Task
Transcribe the records exactly from the line with "by rewrite !by_region_pos //; ring." to the end, both included.

Collected data entries

►

(* Let $\varphi\colon\mathcal{M}\to\mathcal{X}\subseteq\mathcal{E}$ be a smooth lift, where $\mathcal{M}$ is a smooth embedded submanifold of $\mathcal{E}'=\mathcal{E}_1\times\cdots\times\mathcal{E}_d$ (a product of Euclidean spaces) and $\varphi$ is defined on all of $\mathcal{E}'$ and is multilinear in its $d$ arguments. If $\mathcal{M}$ contains a point $(y_1,\dots,y_d)$ with $y_i=0$ for (at least) three indices $i$, and $0=\varphi(y_1,\dots,y_d)$ is not an isolated point of $\mathcal{X}$, then $\varphi$ does not satisfy ''2 $\Rightarrow$ 1'' at $(y_1,\dots,y_d)$.
   Context: $\mathcal{E}$ and $\mathcal{E}_i$ are finite-dimensional real inner product spaces; $\mathcal{X}=\varphi(\mathcal{M})$. Tangent cone $\mathrm{T}_x\mathcal{X}=\{\lim(x_i-x)/\tau_i: x_i\in\mathcal{X},\tau_i>0,\tau_i\to0\}$; $x$ is stationary for $f$ on $\mathcal{X}$ if $\langle\nabla f(x),v\rangle\ge0$ for all $v\in\mathrm{T}_x\mathcal{X}$. For $g=f\circ\varphi$, $y$ is 2-critical if $(g\circ c)'(0)=0$ and $(g\circ c)''(0)\ge0$ for all smooth curves $c$ in $\mathcal{M}$ with $c(0)=y$. ''2 $\Rightarrow$ 1'' at $y$: for every twice differentiable $f\colon\mathcal{E}\to\mathbb{R}$, if $y$ is 2-critical for $f\circ\varphi$ then $\varphi(y)$ is stationary for $f$ on $\mathcal{X}$. *)

From HB Require Import structures.
From mathcomp Require Import all_boot all_order all_algebra.
From mathcomp Require Import all_classical all_reals all_analysis.
Set Implicit Arguments.
Unset Strict Implicit.
Unset Printing Implicit Defensive.
Import Order.TTheory GRing.Theory Num.Theory.
Import numFieldNormedType.Exports.
Local Open Scope classical_set_scope.
Local Open Scope ring_scope.

Section Defs.
Variable R : realType.

Fixpoint iterD {V W : normedModType R} (vs : seq V) (f : V -> W) : V -> W :=
  match vs with
  | [::] => f
  | v :: vs' => fun x => 'D_v (iterD vs' f) x
  end.

Definition smooth_on {V W : normedModType R} (U : set V) (f : V -> W) : Prop :=
  forall vs : seq V, forall x, U x ->
    {for x, continuous (iterD vs f)} /\ forall v : V, derivable (iterD vs f) x v.

(* smooth embedded submanifold of R^N (of codimension k), via local defining
   functions: around each point p of M there is an open U and a smooth
   h : U -> R^k with Dh(p) surjective (rank k) and M \cap U = h^{-1}(0) \cap U *)
Definition embedded_submanifold (N : nat) (M : set 'rV[R]_N) : Prop :=
  exists k : nat, forall p, M p ->
    exists (U : set 'rV[R]_N) (h : 'rV[R]_N -> 'rV[R]_k),
      [/\ open U, U p, smooth_on U h,
          (forall w : 'rV[R]_k, exists v : 'rV[R]_N, 'D_v h p = w) &
          (forall x, U x -> (M x <-> h x = 0))].

(* E' = E_1 x ... x E_d is represented as R^N where coordinate j belongs to
   the factor blk j.  upd i y z replaces the i-th component of y by that of z. *)
Definition upd (N d : nat) (blk : 'I_N -> 'I_d) (i : 'I_d) (y z : 'rV[R]_N)
  : 'rV[R]_N := \row_j (if blk j == i then z 0 j else y 0 j).

Definition block_zero (N d : nat) (blk : 'I_N -> 'I_d) (y : 'rV[R]_N) (i : 'I_d)
  : bool := [forall j, (blk j == i) ==> (y 0 j == 0)].

Definition multilinear (N d m : nat) (blk : 'I_N -> 'I_d)
  (phi : 'rV[R]_N -> 'rV[R]_m) : Prop :=
  forall (i : 'I_d) (y z1 z2 : 'rV[R]_N) (a : R),
    phi (upd blk i y (a *: z1 + z2)) =
      a *: phi (upd blk i y z1) + phi (upd blk i y z2).

Definition twice_differentiable (m : nat) (f : 'rV[R]_m -> R) : Prop :=
  (forall x, differentiable f x) /\
  (forall (v x : 'rV[R]_m), differentiable ('D_v f) x).

Definition tangent_cone (m : nat) (X : set 'rV[R]_m) (x : 'rV[R]_m)
  : set 'rV[R]_m := fun v =>
  exists (xs : nat -> 'rV[R]_m) (tau : nat -> R),
    [/\ forall n, X (xs n), forall n, 0 < tau n,
        tau @ \oo --> (0 : R) &
        (fun n => (tau n)^-1 *: (xs n - x)) @ \oo --> v].

Definition stationary (m : nat) (f : 'rV[R]_m -> R) (X : set 'rV[R]_m)
  (x : 'rV[R]_m) : Prop :=
  forall v, tangent_cone X x v -> 0 <= 'd f x v.

Definition two_critical (N : nat) (g : 'rV[R]_N -> R) (M : set 'rV[R]_N)
  (y : 'rV[R]_N) : Prop :=
  forall c : R -> 'rV[R]_N,
    smooth_on setT c -> (forall t, M (c t)) -> c 0 = y ->
    derive1 (g \o c) 0 = 0 /\ 0 <= derive1 (derive1 (g \o c)) 0.

Definition two_implies_one (N m : nat) (phi : 'rV[R]_N -> 'rV[R]_m)
  (M : set 'rV[R]_N) (y : 'rV[R]_N) : Prop :=
  forall f : 'rV[R]_m -> R, twice_differentiable f ->
    two_critical (f \o phi) M y -> stationary f (phi @` M) (phi y).

Definition not_isolated (m : nat) (X : set 'rV[R]_m) (x : 'rV[R]_m) : Prop :=
  forall U, nbhs x U -> exists z, [/\ X z, z != x & U z].

End Defs.

From Pilot Require Import Defs.
From HB Require Import structures.
From mathcomp Require Import all_boot all_order all_algebra.
From mathcomp Require Import all_classical all_reals all_analysis.
From mathcomp Require Import lra.
Import Order.TTheory GRing.Theory Num.Theory.
Import numFieldNormedType.Exports.
Local Open Scope classical_set_scope.
Local Open Scope ring_scope.

(* Along a smooth curve c with c 0 = y, expanding the multilinear phi in
   three blocks where y is zero writes t |-> phi (c t) as a sum of products of
   three coordinates of c, each vanishing at 0, with smooth factors; so it
   vanishes to third order at 0 and y is 2-critical for f \o phi whenever f
   is linear.  On the other hand,
   as 0 = phi y is not isolated in X, the normalised points x / |x| of X near 0
   cluster at a unit tangent vector v, and f x = - v_k x_k with v_k != 0 has
   Df(0)[v] = - v_k ^ 2 < 0, so phi y is not stationary for f. *)

Set Implicit Arguments.
Unset Strict Implicit.

Section SmoothReal.
Variable R : realType.
Implicit Types (f g u : R -> R) (a : R).

Fixpoint derivable_upto (n : nat) g : Prop :=
  if n is n'.+1 then (forall t, derivable g t 1) /\ derivable_upto n' (derive1 g)
  else True.

Definition smooth g := forall n, derivable_upto n g.

Lemma derive1_add f g : (forall t, derivable f t 1) -> (forall t, derivable g t 1) ->
  derive1 (fun t => f t + g t) = fun t => derive1 f t + derive1 g t.
Proof. by move=> df dg; apply/funext => t; rewrite !derive1E; exact: deriveD. Qed.

Lemma derive1_mul f g : (forall t, derivable f t 1) -> (forall t, derivable g t 1) ->
  derive1 (fun t => f t * g t) = fun t => f t * derive1 g t + g t * derive1 f t.
Proof. by move=> df dg; apply/funext => t; rewrite !derive1E; exact: deriveM. Qed.

Lemma derive1_cstE a : derive1 (fun _ : R => a) = fun _ => 0.
Proof. by apply/funext => t; exact: derive1_cst. Qed.

Lemma derivable_upto_cst n a : derivable_upto n (fun _ => a).
Proof.
elim: n a => //= n IH a; split=> [t|]; first exact: derivable_cst.
by rewrite derive1_cstE.
Qed.

Lemma derivable_uptoW n g : derivable_upto n.+1 g -> derivable_upto n g.
Proof. by elim: n g => //= n IH g [dg [ddg Dg]]; split => //; exact: IH. Qed.

Lemma derivable_upto_add n f g :
  derivable_upto n f -> derivable_upto n g -> derivable_upto n (fun t => f t + g t).
Proof.
elim: n f g => //= n IH f g [df Df] [dg Dg]; split=> [t|]; first exact: derivableD.
by rewrite derive1_add //; exact: IH.
Qed.

Lemma derivable_upto_mul n f g :
  derivable_upto n f -> derivable_upto n g -> derivable_upto n (fun t => f t * g t).
Proof.
elim: n f g => //= n IH f g [df Df] [dg Dg]; split=> [t|]; first exact: derivableM.
rewrite derive1_mul //; apply: derivable_upto_add; apply: IH => //;
  exact: derivable_uptoW.
Qed.

Lemma smooth_cst a : smooth (fun _ => a).
Proof. by move=> n; exact: derivable_upto_cst. Qed.

Lemma smooth_add f g : smooth f -> smooth g -> smooth (fun t => f t + g t).
Proof. by move=> sf sg n; exact: derivable_upto_add. Qed.

Lemma smooth_mul f g : smooth f -> smooth g -> smooth (fun t => f t * g t).
Proof. by move=> sf sg n; exact: derivable_upto_mul. Qed.

Lemma smooth_sub f g : smooth f -> smooth g -> smooth (fun t => f t - g t).
Proof.
move=> sf sg; have -> : (fun t => f t - g t) = fun t => f t + (-1) * g t.
  by apply/funext => t; rewrite mulN1r.
by apply: smooth_add => //; apply: smooth_mul => //; exact: smooth_cst.
Qed.

Lemma smooth_derivable g t : smooth g -> derivable g t 1.
Proof. by move=> sg; case: (sg 1%N). Qed.

Lemma smooth_derive1 g : smooth g -> smooth (derive1 g).
Proof. by move=> sg n; case: (sg n.+1). Qed.

Fixpoint vanishes_at0 (k : nat) g : Prop :=
  if k is k'.+1 then [/\ g 0 = 0, smooth g & vanishes_at0 k' (derive1 g)] else smooth g.

Lemma vanishes_at0W k g : vanishes_at0 k.+1 g -> vanishes_at0 k g.
Proof.
elim: k g => [|k IH] g /=; first by case.
by case=> g0 sg [g'0 sg' vg']; split => //; exact: IH.
Qed.

Lemma vanishes_at0_add k f g :
  vanishes_at0 k f -> vanishes_at0 k g -> vanishes_at0 k (fun t => f t + g t).
Proof.
elim: k f g => [|k IH] f g /=; first exact: smooth_add.
case=> f0 sf vf [g0 sg vg]; split; [by rewrite f0 g0 addr0 | exact: smooth_add |].
by rewrite derive1_add => [|t|t]; [exact: IH | exact: smooth_derivable ..].
Qed.
Lemma onb2_inner u v : onb2 u v -> [/\ inner u u = 1, inner v v = 1 & inner u v = 0].
Proof.
rewrite /onb2 !adj_mulmx => -[/matrixP/(_ 0 0) uu [/matrixP/(_ 0 0) vv /matrixP/(_ 0 0) uv]].
by move: uu vv uv; rewrite !mxE /= !mulr1n.
Qed.

Lemma inner_unitary (A : 'M[Cx]_2) u v : adj A *m A = 1%:M ->
  inner (A *m u) (A *m v) = inner u v.
Proof.
move=> AA; apply: scalar1_inj; rewrite -!adj_mulmx adjM.
by rewrite -mulmxA (mulmxA (adj A)) AA mul1mx.
Qed.

Definition frame (x1 x2 : 'cV[Cx]_2) : 'M[Cx]_2 :=
  mx2 (x1 0 0) (x2 0 0) (x1 1 0) (x2 1 0).

Lemma adj_frame_mulmx x1 x2 v :
  adj (frame x1 x2) *m v = col2 (inner x1 v) (inner x2 v).
Proof. by rewrite adj_mx2 {1}[v]col2E mulmx2_col2. Qed.

Lemma onb2_frame x1 x2 : onb2 x1 x2 -> unitary2 (frame x1 x2).
Proof.
move=> /onb2_inner [h11 h22 h12].
have h21 : inner x2 x1 = 0 by rewrite inner_conj h12 conjc0.
have FF : adj (frame x1 x2) *m frame x1 x2 = 1%:M.
  by move: h11 h22 h12 h21; rewrite /frame adj_mx2 mulmx2 scalar_mx2 /inner => -> -> -> ->.
by split; first exact: mulmx1C.
Qed.

Lemma onb2_parseval x1 x2 : onb2 x1 x2 -> forall u v,
  inner u v = conjc (inner x1 u) * inner x1 v + conjc (inner x2 u) * inner x2 v.
Proof.
move=> /onb2_frame [FF _] u v.
rewrite -(@inner_unitary (adj (frame x1 x2))) ?adjK // !adj_frame_mulmx.
by rewrite /inner !mxE.
Qed.

Lemma onb2_transition x1 x2 z1 z2 : onb2 x1 x2 -> onb2 z1 z2 ->
  let a := inner x1 z1 in let b := inner x2 z1 in
  exists d, [/\ unimodular d, conjc a * a + conjc b * b = 1,
    inner x1 z2 = - (d * conjc b) & inner x2 z2 = d * conjc a].
Proof.
move=> hx hz a b; set c := inner x1 z2; set e := inner x2 z2.
have /onb2_inner [_ x22 x12] := hx; have /onb2_inner [z11 z22 z12] := hz.
have ab1 : conjc a * a + conjc b * b = 1 by rewrite -(onb2_parseval hx) z11.
have ce1 : conjc c * c + conjc e * e = 1 by rewrite -(onb2_parseval hx) z22.
have ace0 : conjc a * c + conjc b * e = 0 by rewrite -(onb2_parseval hx) z12.
have be1 : b * conjc b + e * conjc e = 1.
  by rewrite -x22 (onb2_parseval hz x2 x2) !(inner_conj x2) !conjcK.
have bace0 : conjc b * a + conjc e * c = 0.
  have x21 : inner x2 x1 = 0 by rewrite inner_conj x12 conjc0.
  rewrite -[LHS]conjcK -[0]conjc0 -x21 (onb2_parseval hz x2 x1).
  rewrite (inner_conj x2 z1) (inner_conj x1 z1) (inner_conj x2 z2) (inner_conj x1 z2).
  by rewrite conjcD !conjcM !conjcK.
(* [d] is the determinant of the transition matrix. *)
pose d := a * e - c * b.
have eE : e = d * conjc a.
  transitivity (e * (conjc a * a + conjc b * b) - b * (conjc a * c + conjc b * e)).
    by rewrite ab1 ace0; ring.
  by rewrite /d; ring.
have cE : c = - (d * conjc b).
  transitivity (c * (b * conjc b + e * conjc e) - e * (conjc b * a + conjc e * c)).
    by rewrite be1 bace0; ring.
  by rewrite /d; ring.
exists d; split => //.
rewrite /unimodular -ce1 cE eE !conjcN !conjcM !conjcK.
by rewrite -[LHS]mulr1 -ab1; ring.
Qed.

Lemma onb2_transition_polar x1 x2 z1 z2 : onb2 x1 x2 -> onb2 z1 z2 ->
  exists ra rb ta tb td : R,
  [/\ 0 <= ra, 0 <= rb, ra ^+ 2 + rb ^+ 2 = 1,
      inner x1 z1 = ra%:C * expi ta /\ inner x2 z1 = rb%:C * expi tb &
      inner x1 z2 = - (rb%:C * expi (td - tb)) /\
      inner x2 z2 = ra%:C * expi (td - ta)].
Proof.
move=> hx hz; have [d [/unimodular_expi[td ->] ab1 -> ->]] := onb2_transition hx hz.
have [ra [ta [ra_ge0 aE]]] := polar_form (inner x1 z1).
have [rb [tb [rb_ge0 bE]]] := polar_form (inner x2 z1).
exists ra, rb, ta, tb, td; split => //.
  move: ab1; rewrite mulrC [_ * inner x2 z1]mulrC aE bE !polar_mul_conj.
  by rewrite -rmorphD => -[].
by rewrite aE bE !conjcM !conjc_realC -!expiN !expiD; split; ring.
Qed.

Lemma ketbra_mulmx (A B : 'M[Cx]_2) x z :
  A *m ketbra x z *m adj B = ketbra (A *m x) (B *m z).
Proof. by rewrite /ketbra adjM !mulmxA. Qed.

Lemma scale_ketbra k x z : k *: ketbra x z = ketbra x (conjc k *: z).
Proof. by rewrite /ketbra adjZ conjcK scalemxAr. Qed.

Lemma ketbraZl k x z : ketbra (k *: x) z = ketbra x (conjc k *: z).
Proof. by rewrite -scale_ketbra /ketbra scalemxAl. Qed.

Lemma ketbra_mulmx_r x y z : ketbra x y *m z = inner y z *: x.
Proof. by rewrite /ketbra -mulmxA adj_mulmx mul_mx_scalar. Qed.

Lemma ketbra_injr x y y' : x != 0 -> ketbra x y = ketbra x y' -> y = y'.
Proof.
move=> x_neq0 /(congr1 (fun M => adj x *m M)); rewrite /ketbra !mulmxA adj_mulmx.
rewrite !mul_scalar_mx => /scalerI eq_adj.
by rewrite -[y]adjK eq_adj ?adjK //; apply: contra x_neq0 => /eqP/inner_eq0->.
Qed.

Lemma ketbra_colinear x y x' y' : ketbra x y = ketbra x' y' ->
  inner y y *: x = inner y' y *: x'.
Proof. by move/(congr1 (mulmx^~ y)); rewrite !ketbra_mulmx_r. Qed.

Lemma ketbra_support x y x' y' i : ketbra x y = ketbra x' y' -> y != 0 ->
  x' i 0 = 0 -> x i 0 = 0.
Proof.
move=> /ketbra_colinear/matrixP/(_ i 0); rewrite !mxE => xx' y_neq0 x'i.
move: xx'; rewrite x'i mulr0 => /eqP; rewrite mulf_eq0 => /orP[/eqP/inner_eq0 y0|/eqP//].
by rewrite y0 eqxx in y_neq0.
Qed.

Lemma ketbra_transport (A : 'M[Cx]_2) x y a : A *m x = a *: y ->
  forall B z k, k *: (A *m ketbra x z *m adj B) = ketbra y (conjc (a * k) *: (B *m z)).
Proof.
move=> Ax B z k; rewrite ketbra_mulmx Ax ketbraZl scale_ketbra scalerA.
by rewrite conjcM mulrC.
Qed.

(** * The three regions of the line *)

Definition by_region {T} (n : int) (tp t0 tm : T) : T :=
  if 1 <= n then tp else if n == 0 then t0 else tm.

Definition regional {T} (f : int -> T) :=
  forall n, f n = by_region n (f 1) (f 0) (f (-1)).

Lemma by_region_pos {T} n (tp t0 tm : T) : 1 <= n -> by_region n tp t0 tm = tp.
Proof. by rewrite /by_region => ->. Qed.

Lemma by_region_neg {T} n (tp t0 tm : T) : n <= -1 -> by_region n tp t0 tm = tm.
Proof. by move=> n_neg; rewrite /by_region ifF ?ifF //; lia. Qed.

Lemma by_regionP {T} (P : T -> Prop) n a b c :
  P a -> P b -> P c -> P (by_region n a b c).
Proof. by rewrite /by_region; case: ifP => _; [|case: ifP => _]. Qed.

Lemma int_regionP (n : int) : [\/ 1 <= n, n = 0 | n <= -1].
Proof.
have [|n_lt1] := leP 1 n; first by constructor 1.
by have [|] := eqVneq n 0; [constructor 2 | constructor 3; lia].
Qed.

Lemma regional_constant {T} (f : int -> T) :
  (exists a, forall n, 1 <= n -> f n = a) ->
  (exists b, forall n, n <= -1 -> f n = b) -> regional f.
Proof.
move=> [a fp] [b fm] n; case: (int_regionP n) => [n_pos | -> // | n_neg].
  by rewrite by_region_pos // !fp.
by rewrite by_region_neg // !fm.
Qed.

Lemma regional_by_region {T} (a b c : T) : regional (fun n => by_region n a b c).
Proof. by move=> n; rewrite /by_region /=. Qed.

Lemma regional_transition_polar (x1 x2 z1 z2 : int -> 'cV[Cx]_2) :
  (forall n, onb2 (x1 n) (x2 n)) -> (forall n, onb2 (z1 n) (z2 n)) ->
  regional x1 -> regional x2 -> regional z1 -> regional z2 ->
  exists ra rb ta tb td : int -> R,
  [/\ regional ra, regional tb, regional td & forall n,
    [/\ 0 <= ra n, 0 <= rb n, ra n ^+ 2 + rb n ^+ 2 = 1,
        inner (x1 n) (z1 n) = (ra n)%:C * expi (ta n) /\
        inner (x2 n) (z1 n) = (rb n)%:C * expi (tb n) &
        inner (x1 n) (z2 n) = - ((rb n)%:C * expi (td n - tb n)) /\
        inner (x2 n) (z2 n) = (ra n)%:C * expi (td n - ta n)]].
Proof.
move=> hx hz rx1 rx2 rz1 rz2.
have [rap [rbp [tap [tbp [tdp Hp]]]]] := onb2_transition_polar (hx 1) (hz 1).
have [ra0 [rb0 [ta0 [tb0 [td0 H0]]]]] := onb2_transition_polar (hx 0) (hz 0).
have [ram [rbm [tam [tbm [tdm Hm]]]]] := onb2_transition_polar (hx (-1)) (hz (-1)).
exists (fun n => by_region n rap ra0 ram), (fun n => by_region n rbp rb0 rbm),
  (fun n => by_region n tap ta0 tam), (fun n => by_region n tbp tb0 tbm),
  (fun n => by_region n tdp td0 tdm).
split; try exact: regional_by_region.
move=> n; rewrite (rx1 n) (rx2 n) (rz1 n) (rz2 n) /by_region.
by case: ifP => _; [|case: ifP => _].
Qed.

Lemma int_primitive (f : int -> R) :
  exists P : int -> R, forall n, P (n + 1) = P n + f (n + 1).
Proof.
exists (fun n => match n with
  | Posz k => \sum_(i < k) f i.+1%:Z
  | Negz k => - \sum_(i < k.+1) f (- i%:Z) end).
case=> [k | [|k]].
- have -> : Posz k + 1 = Posz k.+1 by lia.
  by rewrite big_ord_recr.
- have -> : Negz 0 + 1 = 0 by [].
  by rewrite /= big_ord1 big_ord0 oppr0 addNr.
- have -> : Negz k.+1 + 1 = Negz k by lia.
  by rewrite [in RHS]big_ord_recr /= NegzE opprD addrNK.
Qed.

Lemma gauge_phases (ta tb td : int -> R) : regional tb -> regional td ->
  exists (p q : int -> R) (lam mu1 mu2 mu3 : R),
  [/\ forall n, p (n + 1) + ta (n + 1) - (p n + lam) = 0,
      forall n, q (n + 1) + tb (n + 1) - (p n + lam) = by_region (n + 1) 0 mu1 0,
      forall n, p n + (td n - tb n) - (q (n + 1) + lam) = by_region n mu3 mu2 0 &
      forall n, q n + (td n - ta n) - (q (n + 1) + lam) = by_region n mu3 (mu1 + mu2) 0].
Proof.
move=> reg_tb reg_td.
(* [lam] absorbs the phase on the left region, [p] integrates the first
   condition and [q] is then forced by the second. *)
pose lam := td (-1) / 2; have [p pS] := int_primitive (fun n => lam - ta n).
pose mu1 := tb 0 - tb (-1); pose mu2 := td 0 + tb 1 - tb 0 - 2 * lam.
pose mu3 := td 1 - 2 * lam; pose chi n := by_region n 0 mu1 0.
pose q n := p n + ta n - tb n + chi n.
have pS' n : p (n + 1) + ta (n + 1) = p n + lam by rewrite pS; ring.
have qS n : q (n + 1) + lam = p n + 2 * lam - tb (n + 1) + chi (n + 1).
  by rewrite /q pS; ring.
have right_phase n : p n + (td n - tb n) - (q (n + 1) + lam) = by_region n mu3 mu2 0.
  rewrite qS (reg_tb n) (reg_td n) (reg_tb (n + 1)) /chi /mu1 /mu2 /mu3 /lam.
  case: (int_regionP n) => [n_pos | -> | n_neg].
  - have n1_pos : 1 <= n + 1 by lia.
    by rewrite !by_region_pos //; ring.
  - by rewrite /by_region /=; ring.
  have [-> | n_lt] := eqVneq n (-1); first by rewrite /by_region /=; field.
  have n1_neg : n + 1 <= -1 by lia.
  by rewrite !by_region_neg //; field.
exists p, q, lam, mu1, mu2, mu3; split => // n.
- by rewrite pS'; ring.
- by rewrite /q /chi pS; ring.
have -> : q n + (td n - ta n) - (q (n + 1) + lam) =
          p n + (td n - tb n) - (q (n + 1) + lam) + chi n by rewrite /q; ring.
rewrite right_phase /chi.
case: (int_regionP n) => [n_pos | -> | n_neg]; last by rewrite !by_region_neg // addr0.
  by rewrite !by_region_pos // addr0.
by rewrite /by_region /= addrC.
Qed.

◄

Answer to this problem
    by rewrite !by_region_pos //; ring.
  - by rewrite /by_region /=; ring.
  have [-> | n_lt] := eqVneq n (-1); first by rewrite /by_region /=; field.
  have n1_neg : n + 1 <= -1 by lia.
  by rewrite !by_region_neg //; field.
exists p, q, lam, mu1, mu2, mu3; split => // n.
- by rewrite pS'; ring.
- by rewrite /q /chi pS; ring.
have -> : q n + (td n - ta n) - (q (n + 1) + lam) =
          p n + (td n - tb n) - (q (n + 1) + lam) + chi n by rewrite /q; ring.
rewrite right_phase /chi.
case: (int_regionP n) => [n_pos | -> | n_neg]; last by rewrite !by_region_neg // addr0.
  by rewrite !by_region_pos // addr0.
by rewrite /by_region /= addrC.
Qed.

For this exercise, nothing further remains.